German Pot Roast

Ingredients

4 pounds Certified Angus Beef ® chuck roast

2 tablespoons vegetable oil

1 large yellow onion, peeled and cut into large chunks

3 large carrots, peeled and cut into chunks

1 large turnip, peeled and cut into chunks

4 sprigs thyme

2 bay leaves

8 black peppercorns

8 juniper berries (optional)

1 teaspoon horseradish

1 (6-ounce) can tomato paste

2 (12-ounce) bottles brown ale beer (Brookly Brown Ale works well)

4 cups beef stock

Salt and freshly ground black pepper to taste

Directions

Step 1: Preheat oven to 175° F.

Step 2: Heat oil in heavy-bottom pan. Season roast with salt and freshly ground black pepper. Sear on all sides until brown.

Step 3: Remove roast from pan and set aside.

Step 4: Add onions, carrots, turnips, thyme, bay leaves, juniper berries, horseradish and peppercorns to pan; allow vegetables to caramelize.

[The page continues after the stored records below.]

Definition grid (j : nat) : R := -1 + 2 * j%:R / N%:R.

Definition round (x : R) : 'I_N.+1 := inord (Num.truncn ((x + 1) * N%:R / 2)).

Lemma grid_range (j : 'I_N.+1) : -1 <= grid j <= 1.
Proof.
have : 0 <= (j%:R / N%:R : R) <= 1.
  case: N j => [|N'] j; first by rewrite mulr0n invr0 mulr0 lexx ler01.
  by rewrite divr_ge0 // ler_pdivrMr ?ltr0n // mul1r ler_nat -ltnS ltn_ord.
move=> /andP[frac_ge0 frac_le1]; rewrite /grid -mulrA; apply/andP; split; lra.
Qed.

Lemma round_spec x : (0 < N)%N -> -1 <= x <= 1 -> `|x - grid (round x)| <= 2 / N%:R.
Proof.
move=> N_gt0 x_range; have N_pos : 0 < N%:R :> R by rewrite ltr0n.
set t := (x + 1) * N%:R / 2.
have t_ge0 : 0 <= t by rewrite /t; apply: divr_ge0 => //; apply: mulr_ge0; lra.
have t_le : t <= N%:R by rewrite /t ler_pdivrMr //; nra.
have /andP[trunc_le trunc_gt] := truncn_itv t_ge0.
rewrite /round inordK ?ltnS ?truncn_le_nat ?ltr_nat; last first.
  by apply: le_lt_trans t_le _; rewrite ltr_nat.
have -> : x - grid (Num.truncn t) = 2 / N%:R * (t - (Num.truncn t)%:R).
  by rewrite /grid /t; field; rewrite lt0r_neq0.
rewrite normrM ger0_norm ?divr_ge0 ?ler0n // ger0_norm ?subr_ge0 //.
rewrite ler_piMr ?divr_ge0 ?ler0n //; rewrite -natr1 in trunc_gt; lra.
Qed.
End Grid.

Section Quantize.
Variables (R : realType) (n N : nat) (M : tree_ising R n).

Definition quantized_theta (u v : 'I_(nv M)) : R := grid R N (round N (@theta _ _ M u v)).

Lemma quantized_theta_sym u v : quantized_theta u v = quantized_theta v u.
Proof. by rewrite /quantized_theta theta_sym. Qed.

Lemma quantized_theta_range u v : @adj _ _ M u v -> -1 <= quantized_theta u v <= 1.
Proof. by move=> _; apply: grid_range. Qed.

Definition quantize : tree_ising R n :=
  TreeIsing (nle M) (adj_tree M) (@leaves_ok _ _ M) (@internal_ok _ _ M)
    quantized_theta_sym quantized_theta_range.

Step 5: Add tomato paste and cook 2 to 3 minutes.

Step 6: Deglaze pan with beer and cook another 2 to 3 minutes.

Step 7: Return roast to pan, add beef stock and bring to a low simmer.

Step 8: Place in oven or transfer all ingredients to a slow cooker.

Step 9: Cook for 8 to 10 hours, until fork tender. Remove roast from oven and let rest 10 to 15 minutes.

Step 10: Strain vegetables, reserving liquid for sauce.